All lines in the listing below from the one containing "have near_a := leq_trans" through the last should be written out exactly, and only those.

+-------+

(* Let $G=(V,E)$ be a directed unweighted graph with diameter $D=3h+z$, where $h\ge0$, $z\in\{0,1,2\}$, let $\Delta\ge1$, and let $\tilde h\ge h$ be an integer. Let $\hat D$ be the output of Approx-Diam-Sparse$(G,\tilde h)$. Then $2h+z\le\hat D\le D$.
   Context: $d(u,v)$ is the shortest-path distance from $u$ to $v$; $d^{\mathrm{out}}(v)=\max_u d(v,u)$, $d^{\mathrm{in}}(v)=\max_u d(u,v)$; $B^{\mathrm{out}}(v,r)=\{u:d(v,u)\le r\}$; for $H\subseteq V$, $d(v,H)=\min_{u\in H}d(v,u)$ ($=\infty$ if $H=\emptyset$). Approx-Diam-Sparse$(G,\tilde h)$ with parameter $\Delta$: let $H$ be the set of vertices of outdegree at least $\Delta$; compute $d^{\mathrm{out}}(x)$ for every $x\in H$; compute $d(v,H)$ for all $v$ and pick $w$ maximizing $d(w,H)$; compute $d^{\mathrm{out}}(w)$; let $h'=\min\{\tilde h+1,d(w,H)\}$ and compute $d^{\mathrm{in}}(v)$ for every $v\in B^{\mathrm{out}}(w,h')$; output $\hat D=\max\big(\max_{x\in H}d^{\mathrm{out}}(x),\,d^{\mathrm{out}}(w),\,\max_{v\in B^{\mathrm{out}}(w,h')}d^{\mathrm{in}}(v)\big)$. *)

From mathcomp Require Import all_boot.
Set Implicit Arguments. Unset Strict Implicit. Unset Printing Implicit Defensive.

Section Graph.
Variables (T : finType) (e : rel T).

Definition walk (u v : T) (n : nat) : bool :=
  [exists p : n.-tuple T, path e u p && (last u p == v)].

(* shortest-path distance d(u,v): least n with a walk of length n.
   Shortest walks have < #|T| edges, so searching 0..#|T|-1 is exhaustive;
   the value #|T| is returned when v is unreachable from u. *)
Definition dist (u v : T) : nat := find (walk u v) (iota 0 #|T|).

Definition dout (v : T) : nat := \max_(u : T) dist v u.
Definition din (v : T) : nat := \max_(u : T) dist u v.
Definition diameter : nat := \max_(u : T) \max_(v : T) dist u v.

Definition ball_out (v : T) (r : nat) : {set T} := [set u | dist v u <= r].

(* d(v,H) = min_{x in H} d(v,x); only meaningful for H nonempty
   (the empty case, d = infinity, is treated separately below). *)
Definition dist_set (v : T) (H : {set T}) : nat :=
  \big[minn/#|T|]_(x in H) dist v x.

Definition heavy (Delta : nat) : {set T} :=
  [set x | Delta <= #|[set y | e x y]|].

(* output of Approx-Diam-Sparse(G, ht) with parameter Delta, given the
   chosen vertex w (any maximizer of d(w,H)) *)
Definition approx_diam_sparse (Delta ht : nat) (w : T) : nat :=
  let H := heavy Delta in
  let h' := if H == set0 then ht.+1 else minn ht.+1 (dist_set w H) in
  maxn (maxn (\max_(x in H) dout x) (dout w))
       (\max_(v in ball_out w h') din v).

End Graph.

From mathcomp Require Import all_boot.
From mathcomp Require Import zify.
Set Implicit Arguments. Unset Strict Implicit. Unset Printing Implicit Defensive.

(* The upper bound holds because M is a maximum of eccentricities, each at
   most D.  For the lower bound fix a diametral pair a, b (d(a,b) = D) and let
   H be the set of heavy vertices, r the sweep radius h' of the algorithm.
   - If H is nonempty and d(w,H) <= h, then d(a,H) <= d(w,H) <= h by the
     choice of w, so some x in H has d(a,x) <= h and
     D <= d(a,x) + d(x,b) <= h + dout(x) <= h + M.
   - Otherwise r >= h + 1.  Walking from w towards b yields a vertex y with
     d(w,y) <= r and D <= din(y) + (dout(w) - r), hence D <= 2M - (h + 1),
     which forces M >= 2h + z since z < 3.
   The file first develops walks and shortest-path distances (triangle
   inequality, splitting a shortest path), then the two "witness" lemmas
   behind the two cases, the bounds relating the output to its ingredients,
   and finally the theorem. *)

Section Walks.
Variables (T : finType) (e : rel T).

Lemma walkP u v n :
  reflect (exists p : seq T, [/\ size p = n, path e u p & last u p = v])
          (walk e u v n).
Proof.
apply: (iffP existsP).
  move=> [p /andP[p_path /eqP p_last]].
  by exists (val p); rewrite size_tuple.
move=> [p [<- p_path p_last]].
by exists (in_tuple p); rewrite /= p_path p_last eqxx.
Qed.

Lemma walk_cat u v w n m : walk e u v n -> walk e v w m -> walk e u w (n + m).
Proof.
move=> /walkP[p [<- p_path p_last]] /walkP[q [<- q_path q_last]]; apply/walkP.
by exists (p ++ q); rewrite size_cat cat_path last_cat p_last p_path q_path.
Qed.

Lemma walk_split u v n k : walk e u v n -> k <= n ->
  exists y, walk e u y k /\ walk e y v (n - k).
Proof.
move=> /walkP[p [<- p_path p_last]] le_kn.
move: p_path; rewrite -[p in path _ _ p](cat_take_drop k p) cat_path.
move=> /andP[path_l path_r].
exists (last u (take k p)); split; apply/walkP.
  by exists (take k p); split; rewrite ?size_takel.
exists (drop k p); split; rewrite ?size_drop //.
by rewrite -p_last -[in RHS](cat_take_drop k p) last_cat.
Qed.

End Walks.

Section Distances.
Variables (T : finType) (e : rel T).
Hypothesis strongly_connected : forall u v : T, connect e u v.

(* Loop-free paths have fewer than #|T| edges, so in a strongly connected
   graph every v is reached from u by a walk the search in dist inspects. *)
Lemma short_walk u v : exists2 n, n < #|T| & walk e u v n.
Proof.
have /connectP[p p_path p_last] := strongly_connected u v.
case: (shortenP p_path) p_last => q q_path q_uniq _ q_last.
exists (size q); last by apply/walkP; exists q.
by have := max_card (mem (u :: q)); rewrite (card_uniqP q_uniq) /=.
Qed.

Lemma dist_walk u v : walk e u v (dist e u v) /\ dist e u v < #|T|.
Proof.
have [n lt_nT walk_n] := short_walk u v.
have has_walk : has (walk e u v) (iota 0 #|T|).
  by apply/hasP; exists n; rewrite ?mem_iota.
have := has_walk; rewrite has_find size_iota => lt_dT.
by have := nth_find 0 has_walk; rewrite nth_iota // add0n.
Qed.

Lemma dist_min u v n : walk e u v n -> dist e u v <= n.
Proof.
move=> walk_n; case: (ltnP n #|T|) => [lt_nT | le_Tn]; last first.
  by apply: leq_trans le_Tn; apply: ltnW; exact: (dist_walk u v).2.
rewrite leqNgt; apply/negP => lt_nd.
by have := before_find 0 lt_nd; rewrite nth_iota // add0n walk_n.
Qed.

Lemma dist_tri u v w : dist e u w <= dist e u v + dist e v w.
Proof. exact/dist_min/walk_cat/(dist_walk v w).1/(dist_walk u v).1. Qed.

Lemma dist_split u v k : k <= dist e u v ->
  exists y, dist e u y <= k /\ dist e y v <= dist e u v - k.
Proof.
move=> le_kd; have [y [walk_uy walk_yv]] := walk_split (dist_walk u v).1 le_kd.
by exists y; split; apply: dist_min.
Qed.

End Distances.

Section Eccentricities.
Variables (T : finType) (e : rel T).

Lemma dist_le_dout u v : dist e u v <= dout e u.
Proof. exact: (leq_bigmax v). Qed.

Lemma dist_le_din u v : dist e u v <= din e v.
Proof. exact: (leq_bigmax (F := fun u => dist e u v) u). Qed.

Lemma dout_le_diameter u : dout e u <= diameter e.
Proof. exact: (leq_bigmax (F := fun u => dout e u) u). Qed.

Lemma din_le_diameter v : din e v <= diameter e.
Proof.
apply/bigmax_leqP => u _.
exact: leq_trans (dist_le_dout u v) (dout_le_diameter u).
Qed.

Lemma diameter_attained (w : T) : exists a b, dist e a b = diameter e.
Proof.
have T_gt0 : 0 < #|T| by apply/card_gt0P; exists w.
have [a diam_a] := eq_bigmax (fun u => dout e u) T_gt0.
have [b dout_b] := eq_bigmax (fun v => dist e a v) T_gt0.
by exists a, b; rewrite /diameter diam_a -dout_b.
Qed.

Lemma dist_set_le v (H : {set T}) x : x \in H -> dist_set e v H <= dist e v x.
Proof.
rewrite /dist_set => x_in_H.
elim: (index_enum T) (mem_index_enum x) => [|i r IH] //; rewrite inE big_cons.
case/orP => [/eqP<- | x_in_r]; first by rewrite x_in_H geq_minl.
by case: (i \in H); [apply: leq_trans (geq_minr _ _) (IH x_in_r) | exact: IH].
Qed.

End Eccentricities.

Section Witnesses.
Variables (T : finType) (e : rel T).
Hypothesis strongly_connected : forall u v : T, connect e u v.

Lemma dist_set_attained v (H : {set T}) : H != set0 ->
  exists2 x, x \in H & dist_set e v H = dist e v x.
Proof.
move=> /set0Pn[x0 x0_in_H].
have : dist_set e v H = #|T| \/
       exists2 x, x \in H & dist_set e v H = dist e v x.
  apply: (big_ind (fun r => r = #|T| \/ exists2 x, x \in H & r = dist e v x)).
  - by left.
  - by move=> m n m_ok n_ok; rewrite /minn; case: ifP.
  - by move=> x x_in_H; right; exists x.
case=> // dist_set_T.
have := dist_set_le e v x0_in_H; have := (dist_walk strongly_connected v x0).2.
lia.
Qed.

Lemma heavy_witness a b (H : {set T}) : H != set0 ->
  exists2 x, x \in H & dist e a b <= dist_set e a H + dout e x.
Proof.
move=> H_ne0; have [x x_in_H ->] := dist_set_attained a H_ne0.
exists x => //; apply: leq_trans (dist_tri strongly_connected a x b) _.
by rewrite leq_add2l dist_le_dout.
Qed.

(* If b itself lies in the ball take y = b;
   otherwise take y on a shortest w-b path at distance r from w. *)
Lemma ball_witness a b w r :
  exists2 y, dist e w y <= r & dist e a b <= din e y + (dout e w - r).
Proof.
case: (leqP (dist e w b) r) => [le_wb_r | lt_r_wb].
  by exists b => //; apply: leq_trans (dist_le_din e a b) (leq_addr _ _).
have [y [wy_le yb_le]] := dist_split strongly_connected (ltnW lt_r_wb).
exists y => //; apply: leq_trans (dist_tri strongly_connected a y b) _.
apply: leq_add; first exact: dist_le_din.
by apply: leq_trans yb_le (leq_sub2r _ (dist_le_dout _ _ _)).
Qed.

End Witnesses.

Section Algorithm.
Variables (T : finType) (e : rel T) (Delta ht : nat) (w : T).

(* The radius h' of the ball around w swept by the algorithm (the value
   bound by the let in approx_diam_sparse); an empty H counts as d(w,H) = oo. *)
Definition sweep_radius : nat :=
  if heavy e Delta == set0 then ht.+1
  else minn ht.+1 (dist_set e w (heavy e Delta)).

Lemma approx_ge_dout_heavy x :
  x \in heavy e Delta -> dout e x <= approx_diam_sparse e Delta ht w.
Proof.
move=> x_heavy; apply: leq_trans (leq_maxl _ _).
apply: leq_trans (leq_maxl _ _).
exact: (leq_bigmax_cond (P := fun x => x \in heavy e Delta)).
Qed.

Lemma approx_ge_dout_w : dout e w <= approx_diam_sparse e Delta ht w.
Proof. by apply: leq_trans (leq_maxl _ _); apply: leq_maxr. Qed.

Lemma approx_ge_din_ball v :
  dist e w v <= sweep_radius -> din e v <= approx_diam_sparse e Delta ht w.
Proof.
move=> v_in_ball; apply: leq_trans (leq_maxr _ _).
apply: (leq_bigmax_cond (P := fun v => v \in ball_out e w sweep_radius)).
by rewrite inE.
Qed.

Lemma sweep_radius_gt h : h <= ht ->
  ~~ ((heavy e Delta != set0) && (dist_set e w (heavy e Delta) <= h)) ->
  h < sweep_radius.
Proof.
rewrite /sweep_radius => le_h_ht; case: ifP => [_ _ | _]; first by [].
by rewrite /= -ltnNge leq_min ltnS le_h_ht.
Qed.

Lemma approx_le_diameter : approx_diam_sparse e Delta ht w <= diameter e.
Proof.
rewrite !geq_max dout_le_diameter andbT.
by apply/andP; split; apply/bigmax_leqP => v _;
  [exact: dout_le_diameter | exact: din_le_diameter].
Qed.

End Algorithm.

Theorem lemma9 (T : finType) (e : rel T) (Delta ht h z : nat) (w : T) :
  (forall u v : T, connect e u v) ->
  0 < Delta ->
  z < 3 ->
  diameter e = 3 * h + z ->
  h <= ht ->
  (forall v : T, dist_set e v (heavy e Delta) <= dist_set e w (heavy e Delta)) ->
  2 * h + z <= approx_diam_sparse e Delta ht w <= diameter e.
Proof.
move=> conn _ lt_z3 diamE le_h_ht w_farthest.
rewrite approx_le_diameter andbT.
have [a [b dist_abE]] := diameter_attained e w.
case: (boolP ((heavy e Delta != set0) && (dist_set e w (heavy e Delta) <= h))).
  move=> /andP[H_ne0 near_w].
  have [x x_heavy dist_ab_le] := heavy_witness conn a b H_ne0.
  have near_a := leq_trans (w_farthest a) near_w.
  have := approx_ge_dout_heavy ht w x_heavy; lia.
move=> far_w; have lt_h_r := sweep_radius_gt le_h_ht far_w.
have [y y_in_ball dist_ab_le] :=
  ball_witness conn a b w (sweep_radius e Delta ht w).
have := approx_ge_din_ball y_in_ball; have := approx_ge_dout_w e Delta ht w.
lia.
Qed.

+-------+

_Answer_.
  have near_a := leq_trans (w_farthest a) near_w.
  have := approx_ge_dout_heavy ht w x_heavy; lia.
move=> far_w; have lt_h_r := sweep_radius_gt le_h_ht far_w.
have [y y_in_ball dist_ab_le] :=
  ball_witness conn a b w (sweep_radius e Delta ht w).
have := approx_ge_din_ball y_in_ball; have := approx_ge_dout_w e Delta ht w.
lia.
Qed.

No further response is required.